Comparisons with the ’50s crooning throwback Richard Hawley are unavoidable. During a work trip to Leeds three years ago, Brendan made a pilgrimage of sorts by train, due south to Hawley’s Yellow Arch Studios in Sheffield, so he doesn’t mind the comparison one bit.
“Not at all,” he says. “It’s always worse if you are compared with someone who is crap.”
“You take influence from all places, at the end of the day it’s got to be yourself, and that’s maybe the secret anyway, the music has got to be me. It can’t be grabbing a bit of this and a bit of that album - or it’s not believable.”
And is it you?
“Yeah it definitely is. I suppose I know now what I want in production terms. I’ve been producing for a long time. I definitely think it is me.
“The only thing is Sweet Love sticks out in the album, but it was the song that Universal wanted to choose as a single, they really felt strongly about it, so I wasn’t going to argue with that at all.”

Song choice has been a big issue for Brendan. From a field of 35-40 of his own compositions he picked and carefully arranged a bouquet of 10 album tracks. He’d have liked Missed Your Turn as his first single; but it missed its turn. Given the generous airplay 2FM has given ‘The Otherside’, it has muscled its way into contention as his next single. It was inspired by the character of Darren in Love/Hate. 

“He’s trying to be really good, trying to be the poster boy for everybody and he’s given up the drugs and working for Nidge, but... he’s caused so much damage on the way, it came back and haunted him - it’s that journey about trying to get to the other side but inherently it was never going to be him anyway.”
Brendan has a surprisingly eclectic, bordering on nerdish, taste in music. He’s into Krautrock, such as Can and Neu! (“I know it’s the weirdest thing”), and The King of Limbs era Radiohead when they shunned pop convention (“A lot of people hated it when they went a bit experimental, but I just loved it”), Tim Hardin (a Google-search reveals he’s a Woodstock veteran), and he has “always been a huge fan” of Morrissey, proving it by reverentially reciting his back catalogue like it’s the Apostle’s Creed.
Whilst he admires these artists pushing back boundaries, he’s divining a safer route.
“The most important thing, and I more than anybody understand, is with this album - get an audience first. With that, take them on a journey, if you don’t have them, there’s no point recording anything at all.
“From there you can make the journey and take them with you, but that’s why it is important to start off on the right foot and not blow people’s minds too far out.”

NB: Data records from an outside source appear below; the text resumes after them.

(* Let $G$ be a finite group. The graph $\mathcal{P}^*(G)/\mathtt{O}$ is a tame quotient of $\mathcal{P}^*(G)$ if and only if, for all $x,y\in G\setminus\{1\}$, $x\mathtt{O}y$ implies $x=y$.
   Context: The power graph $\mathcal{P}(G)$ has vertex set $G$, distinct $x,y$ adjacent iff one is a positive integer power of the other; $\mathcal{P}^*(G)$ is its subgraph induced on $G\setminus\{1\}$. $x\mathtt{O}y$ ($x,y$ open twins) iff $x$ and $y$ have the same open neighbourhood (set of neighbours excluding the vertex itself). For a graph $\Gamma$ and equivalence $\sim$ on its vertices, $\Gamma/\sim$ has vertex set the classes, classes joined iff some representatives are joined; the quotient is tame if $[x]=[y]$ implies $x$ and $y$ are joined by a path in $\Gamma$. *)

From Stdlib Require Import Relations.
From mathcomp Require Import all_boot all_fingroup.
Set Implicit Arguments. Unset Strict Implicit. Unset Printing Implicit Defensive.
Local Open Scope group_scope.

Section PowerGraph.
Variable gT : finGroupType.

Definition is_pow (x y : gT) : Prop := exists n : nat, (0 < n)%N /\ y = x ^+ n.

Definition power_adj (x y : gT) : Prop := x <> y /\ (is_pow x y \/ is_pow y x).

Definition pstar_adj (x y : gT) : Prop := x <> 1 /\ y <> 1 /\ power_adj x y.

Definition open_nbhd (x : gT) : gT -> Prop := fun z => pstar_adj x z.

(* x O y : same open neighbourhood in P*(G) *)
Definition open_twins (x y : gT) : Prop := forall z : gT, open_nbhd x z <-> open_nbhd y z.

Definition pstar_connected (x y : gT) : Prop := clos_refl_trans gT pstar_adj x y.

Definition pstar_O_tame : Prop :=
  forall x y : gT, x <> 1 -> y <> 1 -> open_twins x y -> pstar_connected x y.
End PowerGraph.

(* If x O y with x <> y, then x and y are not adjacent (y would be its own
   neighbour), so neither is a power of the other.  A path from x to y gives
   x a neighbour, and a twin with a neighbour equals its twin:  If x^-1 <> x, then x^-1 is a
   neighbour of x, hence of y, so y is comparable with x^-1 and therefore
   with x.  If x and y are both involutions with a common neighbour z, both
   lie in the cyclic group <z>, which has only one subgroup of order 2. *)

From mathcomp Require Import all_boot all_fingroup.
From mathcomp Require Import cyclic.
From Stdlib Require Import Relations.
Set Implicit Arguments. Unset Strict Implicit. Unset Printing Implicit Defensive.
Local Open Scope group_scope.

Section PowerGraphTwins.
Variable gT : finGroupType.
Implicit Types x y z : gT.

Lemma open_twins_sym x y : open_twins x y -> open_twins y x.
Proof. by move=> tw z; split; apply tw. Qed.

Lemma is_pow_cycle x y : is_pow x y -> y \in <[x]>.
Proof. by move=> [n [_ ->]]; apply: mem_cycle. Qed.

Lemma pstar_adj_cycle x z : pstar_adj x z -> (z \in <[x]>) || (x \in <[z]>).
Proof. by move=> [_ [_ [_ [/is_pow_cycle -> | /is_pow_cycle ->]]]]; rewrite ?orbT. Qed.

Lemma pstar_adj_of_cycle x y :
  x <> 1 -> y <> 1 -> x <> y -> y \in <[x]> -> pstar_adj x y.
Proof.
move=> x1 y1 nxy /cycleP [[|n] yE]; first by case: y1; rewrite yE.
by do 3 (split=> //); left; exists n.+1.
Qed.

Lemma open_twins_nadj x y : open_twins x y -> ~ pstar_adj x y.
Proof. by move=> tw /tw [_ [_ []]]. Qed.

Lemma open_twins_cycle_eq x y :
  x <> 1 -> y <> 1 -> open_twins x y -> y \in <[x]> -> x = y.
Proof.
move=> x1 y1 tw yx; case: (eqVneq x y) => [// | /eqP nxy].
by case: (open_twins_nadj tw); apply: pstar_adj_of_cycle.
Qed.

Lemma open_twins_comparable_eq x y : x <> 1 -> y <> 1 -> open_twins x y ->
  (y \in <[x]>) || (x \in <[y]>) -> x = y.
Proof.
move=> x1 y1 tw /orP [yx | xy]; first exact: open_twins_cycle_eq.
by symmetry; apply: open_twins_cycle_eq => //; apply: open_twins_sym.
Qed.

Lemma open_twins_eq_of_invg_neq x y :
  x <> 1 -> y <> 1 -> open_twins x y -> x^-1 <> x -> x = y.
Proof.
move=> x1 y1 tw xVx.
have xV1 : x^-1 <> 1 by move/eqP; rewrite invg_eq1 => /eqP.
have /tw /pstar_adj_cycle : pstar_adj x x^-1.
  by apply: pstar_adj_of_cycle => //; [move/esym | rewrite groupV cycle_id].
by rewrite cycleV groupV orbC; apply: open_twins_comparable_eq.
Qed.

Lemma involution_expg2 x : x^-1 = x -> x ^+ 2 = 1.
Proof. by move=> xVx; rewrite expgS expg1 -{1}xVx mulVg. Qed.

Lemma involution_order x : x <> 1 -> x^-1 = x -> #[x] = 2%N.
Proof.
move=> x1 /involution_expg2/eqP x2; apply/prime_nt_dvdP => //.
- by rewrite order_eq1; apply/eqP.
- by rewrite order_dvdn.
Qed.

Lemma involution_adj_cycle x z : x^-1 = x -> pstar_adj x z -> x \in <[z]>.
Proof.
move=> xVx [_ [z1 [nxz [[n [_ zE]] | /is_pow_cycle //]]]].
move: zE; rewrite -(expg_mod n (involution_expg2 xVx)) modn2.
by case: (odd n) => zE; [case: nxz | case: z1].
Qed.

Lemma open_twins_eq_of_involutions x y z : x <> 1 -> y <> 1 -> open_twins x y ->
  x^-1 = x -> y^-1 = y -> pstar_adj x z -> x = y.
Proof.
move=> x1 y1 tw xVx yVy xz.
have xzc := involution_adj_cycle xVx xz.
have yzc := involution_adj_cycle yVy (proj1 (tw z) xz).
have /eqP xy : <[x]> == <[y]> :> {set gT}.
  rewrite (eq_subG_cyclic (cycle_cyclic z)) ?cycle_subG //.
  by rewrite -!orderE involution_order ?involution_order.
by apply: open_twins_cycle_eq => //; rewrite xy cycle_id.
Qed.

Lemma open_twins_eq_of_adj x y z :
  x <> 1 -> y <> 1 -> open_twins x y -> pstar_adj x z -> x = y.
Proof.
move=> x1 y1 tw xz.
have [xVx | /eqP xVx] := eqVneq x^-1 x; last exact: open_twins_eq_of_invg_neq.
have [yVy | /eqP yVy] := eqVneq y^-1 y.
  exact: open_twins_eq_of_involutions xVx yVy xz.
by symmetry; apply: open_twins_eq_of_invg_neq => //; apply: open_twins_sym.
Qed.

Lemma pstar_connected_eq_or_adj x y :
  pstar_connected x y -> x = y \/ exists z, pstar_adj x z.
Proof.
move=> /clos_rt_rt1n_iff; case=> [|z w xz _]; first by left.
by right; exists z.
Qed.

End PowerGraphTwins.

Theorem mainTheorem19 (gT : finGroupType) :
  pstar_O_tame gT <->
  (forall x y : gT, x <> 1 -> y <> 1 -> open_twins x y -> x = y).
Proof.
split=> [tame x y x1 y1 tw | twins_eq x y x1 y1 tw].
  have [// | [z xz]] := pstar_connected_eq_or_adj (tame x y x1 y1 tw).
  exact: open_twins_eq_of_adj xz.
by rewrite (twins_eq x y x1 y1 tw); apply: rt_refl.
Qed.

It’s the sensible approach to a man who has been shaped by growing up on a dairy farm, one of 13 kids, and a less than glamorous worklife.

Backstory
Upon leaving school, he worked as a panel beater before drawing a wage from Rye Valley Foods in Carrickmacross and eventually working in ‘Beat It Music’ in Drogheda. All the while he was recording MiniDiscs and CDs to send to record companies, and requesting interviews from reluctant journalists, and ultimately getting nowhere. It’s not your typical showbiz backstory. Maybe cruelly, the Celt observes that Brendan McCahey isn’t a particularly showbiz name either - had he considered following others like Dylan or Bowie and performing under a different moniker?

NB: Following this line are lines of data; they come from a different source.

(* Let $T$ be a bounded linear operator on a complex Hilbert space. If $\mathcal{N}(T^* )\subseteq\mathcal{N}(T)$ and $T^n$ is hyponormal for some positive integer $n$, then $\mathcal{N}(T^m)=\mathcal{N}(T^{*m})$ for every positive integer $m$.
   Context: $\mathcal{N}(A)$ denotes the kernel of $A$. An operator $A$ is hyponormal if $AA^*\le A^*A$. *)

From HB Require Import structures.
From mathcomp Require Import all_boot all_order all_algebra.
From mathcomp Require Import complex.
From mathcomp Require Import boolp classical_sets reals.
Set Implicit Arguments. Unset Strict Implicit. Unset Printing Implicit Defensive.
Import Order.TTheory GRing.Theory Num.Theory.
Local Open Scope ring_scope.
Local Open Scope classical_set_scope.

Section Hilbert.
Variables (R : realType) (V : lmodType R[i]) (ip : V -> V -> R[i]).

Definition is_inner_product : Prop :=
  [/\ forall (a : R[i]) (x y z : V), ip (a *: x + y) z = a * ip x z + ip y z,
      forall x y : V, ip y x = conjc (ip x y),
      forall x : V, 0 <= ip x x
    & forall x : V, ip x x = 0 -> x = 0].

Definition ipnorm (x : V) : R := Num.sqrt (@complex.Re R (ip x x)).

Definition ip_complete : Prop :=
  forall u : nat -> V,
    (forall e : R, 0 < e -> exists N, forall m n, (N <= m)%N -> (N <= n)%N ->
        ipnorm (u m - u n) < e) ->
    exists l : V, forall e : R, 0 < e -> exists N, forall n, (N <= n)%N ->
        ipnorm (u n - l) < e.

Definition bounded_linear (A : V -> V) : Prop :=
  [/\ forall (a : R[i]) (x y : V), A (a *: x + y) = a *: A x + A y
    & exists M : R, forall x, ipnorm (A x) <= M * ipnorm x].

Definition is_adjoint (A Astar : V -> V) : Prop :=
  forall x y : V, ip (A x) y = ip x (Astar y).

Definition op_le (A B : V -> V) : Prop := forall x : V, ip (A x) x <= ip (B x) x.

Definition hyponormal (A : V -> V) : Prop :=
  forall Astar : V -> V, is_adjoint A Astar -> op_le (A \o Astar) (Astar \o A).

Definition kernel (A : V -> V) : set V := [set x | A x = 0].

Definition opow (A : V -> V) (n : nat) : V -> V := iter n A.

End Hilbert.

From HB Require Import structures.
From mathcomp Require Import all_boot all_order all_algebra.
From mathcomp Require Import complex.
From mathcomp Require Import boolp classical_sets reals.
Import Order.TTheory GRing.Theory Num.Theory.
Local Open Scope ring_scope.
Local Open Scope classical_set_scope.

(* Write S for the adjoint of T.  If N(B) <= N(A) for an adjoint pair (A, B),
   then N(B) meets the range of B only in 0, so N(B^k) = N(B) for all k > 0.
   Hyponormality of T^n gives ||S^n x|| <= ||T^n x||, hence
   N(T) <= N(T^n) <= N(S^n) = N(S); with the hypothesis this yields
   N(T) = N(S), and both kernels are stable under taking powers. *)

Section Adjoint.
Context {R : realType} {V : lmodType R[i]} {ip : V -> V -> R[i]}.
Hypothesis Hip : is_inner_product ip.

Lemma ip0l (z : V) : ip 0 z = 0.
Proof.
case: Hip => lin _ _ _.
have := lin 1 0 0 z; rewrite scale1r addr0 mul1r.
by move/(congr1 (fun t => t - ip 0 z)); rewrite subrr addrK => <-.
Qed.

Lemma ip0r (z : V) : ip z 0 = 0.
Proof. by case: Hip => _ cs _ _; rewrite cs ip0l conjc0. Qed.

Lemma ip_ge0 (x : V) : 0 <= ip x x.
Proof. by case: Hip. Qed.

Lemma ip_eq0 (x : V) : ip x x = 0 -> x = 0.
Proof. by case: Hip => _ _ _; apply. Qed.

Lemma adjoint_sym {A B : V -> V} : is_adjoint ip A B -> is_adjoint ip B A.
Proof. by case: Hip => _ cs _ _ adjAB u v; rewrite cs -adjAB -cs. Qed.

Lemma adjoint_fix0 {A B : V -> V} : is_adjoint ip A B -> B 0 = 0.
Proof. by move=> adjAB; apply: ip_eq0; rewrite -adjAB ip0r. Qed.

Lemma adjoint_opow {A B : V -> V} k :
  is_adjoint ip A B -> is_adjoint ip (opow A k) (opow B k).
Proof.
move=> adjAB; elim: k => [//|k IHk] x y.
by rewrite /opow /= adjAB IHk /opow -iterSr.
Qed.

Lemma adjoint_self_comp {A B : V -> V} (x : V) :
  is_adjoint ip A B -> ip ((A \o B) x) x = ip (B x) (B x).
Proof. by move=> adjAB; rewrite /= adjAB. Qed.

Lemma sub_kernel_opow {B : V -> V} {k} :
  B 0 = 0 -> (0 < k)%N -> kernel B `<=` kernel (opow B k).
Proof.
move=> B0; case: k => [//|k] _ x Bx.
rewrite /kernel /opow /= -iterS iterSr Bx.
by elim: k => //= k ->.
Qed.

Section KernelPowers.
Context {A B : V -> V}.
Hypotheses (adjAB : is_adjoint ip A B) (kerBA : kernel B `<=` kernel A).

(* [B (B z) = 0] forces [A (B z) = 0], so [B z] is orthogonal to itself. *)
Lemma kernel_comp_self : kernel (B \o B) `<=` kernel B.
Proof.
move=> z /= BBz; apply: ip_eq0.
by rewrite -adjAB (kerBA _ BBz) ip0l.
Qed.

Lemma kernel_opow {k : nat} : (0 < k)%N -> kernel (opow B k) = kernel B.
Proof.
move=> k_gt0; apply/seteqP; split; last first.
  exact: sub_kernel_opow (adjoint_fix0 adjAB) k_gt0.
case: k k_gt0 => [//|k] _; elim: k => [//|k IHk] x BBkx.
exact/IHk/(kernel_comp_self (opow B k x)).
Qed.

End KernelPowers.

Lemma hyponormal_kernel_sub {A B : V -> V} :
  is_adjoint ip A B -> hyponormal ip A -> kernel A `<=` kernel B.
Proof.
move=> adjAB hypA x Ax; apply: ip_eq0; apply/eqP.
have := hypA B adjAB x.
rewrite (adjoint_self_comp x adjAB) (adjoint_self_comp x (adjoint_sym adjAB)).
by rewrite Ax ip0l => le0; rewrite eq_le le0 ip_ge0.
Qed.

End Adjoint.

Theorem corollary5p7 (R : realType) (V : lmodType R[i]) (ip : V -> V -> R[i])
  (Hip : is_inner_product ip) (Hcomplete : ip_complete ip)
  (T Tstar : V -> V) (HT : bounded_linear ip T) (Hadj : is_adjoint ip T Tstar) :
  kernel Tstar `<=` kernel T ->
  (exists n : nat, (0 < n)%N /\ hyponormal ip (opow T n)) ->
  forall m : nat, (0 < m)%N -> kernel (opow T m) = kernel (opow Tstar m).
Proof.
move=> kerTsT [n [n_gt0 hypTn]] m m_gt0.
have adjTsT := adjoint_sym Hip Hadj.
have kerTTs : kernel T `<=` kernel Tstar.
  apply: subset_trans (sub_kernel_opow (adjoint_fix0 Hip adjTsT) n_gt0) _.
  rewrite -(kernel_opow Hip Hadj kerTsT n_gt0).
  exact (hyponormal_kernel_sub Hip (adjoint_opow n Hadj) hypTn).
rewrite (kernel_opow Hip adjTsT kerTTs m_gt0) (kernel_opow Hip Hadj kerTsT m_gt0).
by apply/seteqP; split.
Qed.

“Well I did,” he says unperturbed by the question. “I released an album called The Making, and I was called The Making more as a person than as a band. It came out, but once it didn’t have that push behind it, it really didn’t go anywhere. It couldn’t - it was just impossible.”

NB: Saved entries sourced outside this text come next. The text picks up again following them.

(* Let $L=\{\ell_1,\dots,\ell_n\}$, $R=\{r_1,\dots,r_d\}$ and let $T_1,T_2$ be two compatible spanning trees of the complete bipartite graph on $L\sqcup R$ with right degree vectors $v$ and $v+e_p-e_q$ respectively. If $(\ell_s,r_p)$ is an edge of $T_1$, then it is also an edge of $T_2$. Furthermore, the degree of $\ell_s$ in $T_1$ is greater than or equal to its degree in $T_2$.
   Context: Graphs are identified with edge sets; right degree vector $=(\deg r_1,\dots,\deg r_d)$; $e_p$ is a standard unit vector. Two graphs are compatible if for all $J\subseteq L$, $I\subseteq R$ such that both contain a perfect matching between $J$ and $I$ (as subgraphs), these perfect matchings are equal. *)

From mathcomp Require Import all_boot.
Set Implicit Arguments. Unset Strict Implicit. Unset Printing Implicit Defensive.

(* A subgraph of K_{n,d} is identified with its edge set,
   a set of pairs (i, j) meaning the edge (l_i, r_j). *)
Definition bvert (n d : nat) : finType := ('I_n + 'I_d)%type.
Definition bgraph (n d : nat) := {set 'I_n * 'I_d}.

Definition badj n d (G : bgraph n d) : rel (bvert n d) :=
  fun u v => match u, v with
             | inl i, inr j => (i, j) \in G
             | inr j, inl i => (i, j) \in G
             | _, _ => false
             end.

Definition bconnected n d (G : bgraph n d) : Prop :=
  forall u v : bvert n d, connect (badj G) u v.

Definition bacyclic n d (G : bgraph n d) : Prop :=
  forall c : seq (bvert n d), uniq c -> 2 < size c -> ~~ cycle (badj G) c.

Definition spanning_tree n d (G : bgraph n d) : Prop :=
  bconnected G /\ bacyclic G.

Definition ldeg n d (G : bgraph n d) (i : 'I_n) : nat := #|[set j | (i, j) \in G]|.
Definition rdeg n d (G : bgraph n d) (j : 'I_d) : nat := #|[set i | (i, j) \in G]|.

“And from that - if that doesn’t work, you try something else, you-try-something-else, you-try-something-else,” he intones.
That something else turned out was his wife Marion prompting him to enter The Voice.
“You just never know what’s going to work at a time, and sometimes what I’ve realised too, when the time isn’t right, it’s just not right. When the time is right, then it will happen - in everything, I think.”
Whilst time may be ticking for Brendan, just maybe it’s finally the right time.